- Dataset
───

(* Let $h=(X,E,\mathit{in}_0)$ be a flow graph over a flow monoid $\mathbb{M}$ all of whose edge functions are continuous and distributive. Then for every inflow $\mathit{in}:(\mathbb{N}\setminus X)\times X\to\mathbb{M}$, every $y\in X$ and every $z\in\mathbb{N}\setminus X$, $$\mathsf{tf}(h)(\mathit{in})(y,z)=\sum_{x\in X}\ \sum_{p\in\mathrm{Paths}_h(x\to(y,z))}E_p(\mathit{in}_x).$$
   Context: A flow monoid is a commutative monoid $(\mathbb{M},+,0)$ such that $n\le m :\iff \exists o.\ m=n+o$ is a partial order in which every ascending chain $K$ has a least upper bound $\bigsqcup K$, and $n+\bigsqcup K=\bigsqcup(n+K)$. $\mathcal{C}(\mathbb{M}\to\mathbb{M})$ is the set of functions commuting with least upper bounds of ascending chains (continuous). A function $f$ is distributive if $f(m+n)=f(m)+f(n)$ for all $m,n$ and $f(0)=0$. Infinite sums denote least upper bounds of the ascending chain of finite partial sums; empty sums are $0$. A flow graph is $h=(X,E,\mathit{in})$ with $X\subseteq\mathbb{N}$ finite, $E:X\times\mathbb{N}\to\mathcal{C}(\mathbb{M}\to\mathbb{M})$, $\mathit{in}:(\mathbb{N}\setminus X)\times X\to\mathbb{M}$; $\mathit{in}_x=\sum_{y\in\mathbb{N}\setminus X}\mathit{in}(y,x)$; the flow is the least $\mathit{flow}:X\to\mathbb{M}$ with $\mathit{flow}(x)=\mathit{in}_x+\sum_{y\in X}E(y,x)(\mathit{flow}(y))$; the outflow is $\mathit{out}(x,y)=E(x,y)(\mathit{flow}(x))$ for $x\in X$, $y\notin X$. The transfer function $\mathsf{tf}(h)(\mathit{in}')$ is the outflow of $(X,E,\mathit{in}')$. A path through $h$ is a sequence $p=x_0x_1\cdots x_nz$ with $n\ge0$, $x_i\in X$, $z\in\mathbb{N}\setminus X$; $\mathrm{first}(p)=x_0$, $\mathrm{last}(p)=x_n$. $\mathrm{Paths}_h(x\to(y,z))$ is the set of paths with $x_0=x$, $x_n=y$ and final element $z$. Its edge function is $E_p=E(x_n,z)\circ E(x_{n-1},x_n)\circ\cdots\circ E(x_0,x_1)$. *)

From HB Require Import structures.
From mathcomp Require Import all_boot all_algebra finmap.
From Stdlib Require Import ClassicalEpsilon.
Set Implicit Arguments. Unset Strict Implicit. Unset Printing Implicit Defensive.
Import GRing.Theory.
Local Open Scope ring_scope.

Section FlowMonoid.
Variable M : nmodType.

Definition leM (n m : M) : Prop := exists o, m = n + o.

Definition ascending (K : nat -> M) : Prop := forall i, leM (K i) (K i.+1).

Definition is_lub (S : M -> Prop) (s : M) : Prop :=
  (forall m, S m -> leM m s) /\ (forall u, (forall m, S m -> leM m u) -> leM s u).

Definition range (K : nat -> M) : M -> Prop := fun m => exists i, m = K i.

(* flow monoid: leM is a partial order (reflexivity and transitivity are
   automatic; antisymmetry is required), every ascending chain has a lub,
   and n + lub K = lub (n + K). *)
Definition flow_monoid : Prop :=
  [/\ (forall n m, leM n m -> leM m n -> n = m),
      (forall K, ascending K -> exists s, is_lub (range K) s) &
      (forall n K s, ascending K -> is_lub (range K) s ->
                     is_lub (range (fun i => n + K i)) (n + s))].

Definition lub (K : nat -> M) : M :=
  epsilon (inhabits 0) (is_lub (range K)).

Definition continuousM (f : M -> M) : Prop :=
  forall K s, ascending K -> is_lub (range K) s ->
              is_lub (range (fun i => f (K i))) (f s).

Definition distributive (f : M -> M) : Prop :=
  (forall m n, f (m + n) = f m + f n) /\ f 0 = 0.

Definition isum (T : countType) (P : pred T) (f : T -> M) : M :=
  lub (fun n => \sum_(i < n)
         match @pickle_inv T i with
         | Some t => if P t then f t else 0
         | None => 0
         end).

(* Flow graph h = (X, E, in) with X a finite subset of nat,
   E : nat -> nat -> (M -> M) (only E x y with x \in X matters),
   in : nat -> nat -> M (only in y x with y \notin X, x \in X matters). *)

Definition inflow (X : {fset nat}) (inf : nat -> nat -> M) (x : nat) : M :=
  isum (fun y : nat => y \notin X) (fun y => inf y x).

Definition flow_eq (X : {fset nat}) (E : nat -> nat -> M -> M)
    (inf : nat -> nat -> M) (f : nat -> M) : Prop :=
  forall x, x \in X -> f x = inflow X inf x + \sum_(y <- X) E y x (f y).

Definition is_least_flow (X : {fset nat}) (E : nat -> nat -> M -> M)
    (inf : nat -> nat -> M) (f : nat -> M) : Prop :=
  flow_eq X E inf f /\
  forall g, flow_eq X E inf g -> forall x, x \in X -> leM (f x) (g x).

(* the flow (values outside X are irrelevant) *)
Definition flow (X : {fset nat}) (E : nat -> nat -> M -> M)
    (inf : nat -> nat -> M) : nat -> M :=
  epsilon (inhabits (fun _ => 0)) (is_least_flow X E inf).

Definition tf (X : {fset nat}) (E : nat -> nat -> M -> M)
    (inf : nat -> nat -> M) (x y : nat) : M :=
  E x y (flow X E inf x).

End FlowMonoid.

(* A path x0 x1 ... xn z (n >= 0) is a sequence of length >= 2 whose elements
   except the last lie in X and whose last element z lies outside X.
   is_path_to X x y z p : p is in Paths_h(x -> (y, z)). *)
Definition is_path_to (X : {fset nat}) (x y z : nat) (p : seq nat) : bool :=
  [&& (1 < size p)%N, all (fun v => v \in X) (take (size p).-1 p),
      head 0 p == x, nth 0 p (size p).-2 == y, last 0 p == z & z \notin X].

Fixpoint pathfun (M : Type) (E : nat -> nat -> M -> M) (p : seq nat) : M -> M :=
  match p with
  | a :: ((b :: _) as t) => fun m => pathfun E t (E a b m)
  | _ => fun m => m
  end.

From HB Require Import structures.
From mathcomp Require Import all_boot all_algebra finmap.
From Stdlib Require Import ClassicalEpsilon.
Set Implicit Arguments. Unset Strict Implicit. Unset Printing Implicit Defensive.
Import GRing.Theory.
Local Open Scope ring_scope.

(* The flow is the least fixpoint of the monotone, chain-continuous map
   g |-> (x |-> in_x + sum_w E(w,x)(g w)); by Kleene's theorem it is the lub
   of the iterates g_k starting from 0.  Unfolding the iteration with
   distributivity, g_k(y) is the sum, over all x in X and all X-walks
   x ... y with fewer than k edges, of the walk's edge function applied to
   in_x.  Applying the continuous E(y,z) and exchanging lubs with finite sums,
   tf(y,z) is the lub over k of the sums over paths x ... y z of size <= k+1.
   Finally these finite path sets exhaust Paths(x -> (y,z)), so their sums are
   cofinal with the partial sums defining the infinite sum. *)

Section MonoidOrder.
Variable M : nmodType.
Implicit Types a b c d m o : M.

Lemma leM_refl m : leM m m.
Proof. by exists 0; rewrite addr0. Qed.

Lemma leM_trans a b c : leM a b -> leM b c -> leM a c.
Proof. by move=> [o ->] [o' ->]; exists (o + o'); rewrite addrA. Qed.

Lemma leM0 m : leM 0 m.
Proof. by exists m; rewrite add0r. Qed.

Lemma leM_addr m o : leM m (m + o).
Proof. by exists o. Qed.

Lemma leM_add a b c d : leM a b -> leM c d -> leM (a + c) (b + d).
Proof.
move=> [o ->] [o' ->]; exists (o + o').
by rewrite -!addrA; congr (_ + _); rewrite addrCA.
Qed.

Lemma leM_sum (I : eqType) (s : seq I) (F G : I -> M) :
  (forall i, i \in s -> leM (F i) (G i)) ->
  leM (\sum_(i <- s) F i) (\sum_(i <- s) G i).
Proof.
move=> FG; rewrite big_seq [X in leM _ X]big_seq.
by elim/big_ind2: _ => [|? ? ? ?|]; [exact: leM_refl | exact: leM_add | exact: FG].
Qed.

Lemma leM_sub_sum (I : eqType) (s r : seq I) (F : I -> M) :
  uniq s -> uniq r -> {subset s <= r} ->
  leM (\sum_(i <- s) F i) (\sum_(i <- r) F i).
Proof.
move=> us ur sr; rewrite [X in leM _ X](bigID (mem s)) /=.
have -> : \sum_(i <- r | i \in s) F i = \sum_(i <- s) F i.
  rewrite -big_filter; apply: perm_big; apply: uniq_perm => //.
    exact: filter_uniq.
  by move=> i; rewrite mem_filter andb_idr //; apply: sr.
exact: leM_addr.
Qed.

Lemma ascending_le (K : nat -> M) : ascending K ->
  forall i j, (i <= j)%N -> leM (K i) (K j).
Proof.
move=> HK i j /subnK <-; elim: (j - i)%N => [|n IH]; first exact: leM_refl.
by rewrite addSn; apply: leM_trans IH (HK _).
Qed.

Lemma distributive_sum (f : M -> M) : distributive f ->
  forall (I : Type) (s : seq I) (P : pred I) (F : I -> M),
  f (\sum_(i <- s | P i) F i) = \sum_(i <- s | P i) f (F i).
Proof. by move=> [fD f0] I s P F; apply: big_morph. Qed.

Lemma distributive_mono (f : M -> M) : distributive f ->
  forall a b, leM a b -> leM (f a) (f b).
Proof. by move=> [fD _] a b [o ->]; rewrite fD; apply: leM_addr. Qed.

End MonoidOrder.

Section Lubs.
Variable M : nmodType.
Hypothesis HM : flow_monoid M.
Implicit Types K L : nat -> M.

Lemma is_lub_ub K s i : is_lub (range K) s -> leM (K i) s.
Proof. by case=> ub _; apply: ub; exists i. Qed.

Lemma is_lub_least K s u :
  is_lub (range K) s -> (forall i, leM (K i) u) -> leM s u.
Proof. by case=> _ least Ku; apply: least => m [i ->]. Qed.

───

- Assigned task
Only the lines above starting at the line that holds "(inf : nat -> nat -> M) (x y" and ending at the line that holds "distributivity, g_k(y) is" are to be repeated, exactly and in full.

- Exercise response
    (inf : nat -> nat -> M) (x y : nat) : M :=
  E x y (flow X E inf x).

End FlowMonoid.

(* A path x0 x1 ... xn z (n >= 0) is a sequence of length >= 2 whose elements
   except the last lie in X and whose last element z lies outside X.
   is_path_to X x y z p : p is in Paths_h(x -> (y, z)). *)
Definition is_path_to (X : {fset nat}) (x y z : nat) (p : seq nat) : bool :=
  [&& (1 < size p)%N, all (fun v => v \in X) (take (size p).-1 p),
      head 0 p == x, nth 0 p (size p).-2 == y, last 0 p == z & z \notin X].

Fixpoint pathfun (M : Type) (E : nat -> nat -> M -> M) (p : seq nat) : M -> M :=
  match p with
  | a :: ((b :: _) as t) => fun m => pathfun E t (E a b m)
  | _ => fun m => m
  end.

From HB Require Import structures.
From mathcomp Require Import all_boot all_algebra finmap.
From Stdlib Require Import ClassicalEpsilon.
Set Implicit Arguments. Unset Strict Implicit. Unset Printing Implicit Defensive.
Import GRing.Theory.
Local Open Scope ring_scope.

(* The flow is the least fixpoint of the monotone, chain-continuous map
   g |-> (x |-> in_x + sum_w E(w,x)(g w)); by Kleene's theorem it is the lub
   of the iterates g_k starting from 0.  Unfolding the iteration with
   distributivity, g_k(y) is the sum, over all x in X and all X-walks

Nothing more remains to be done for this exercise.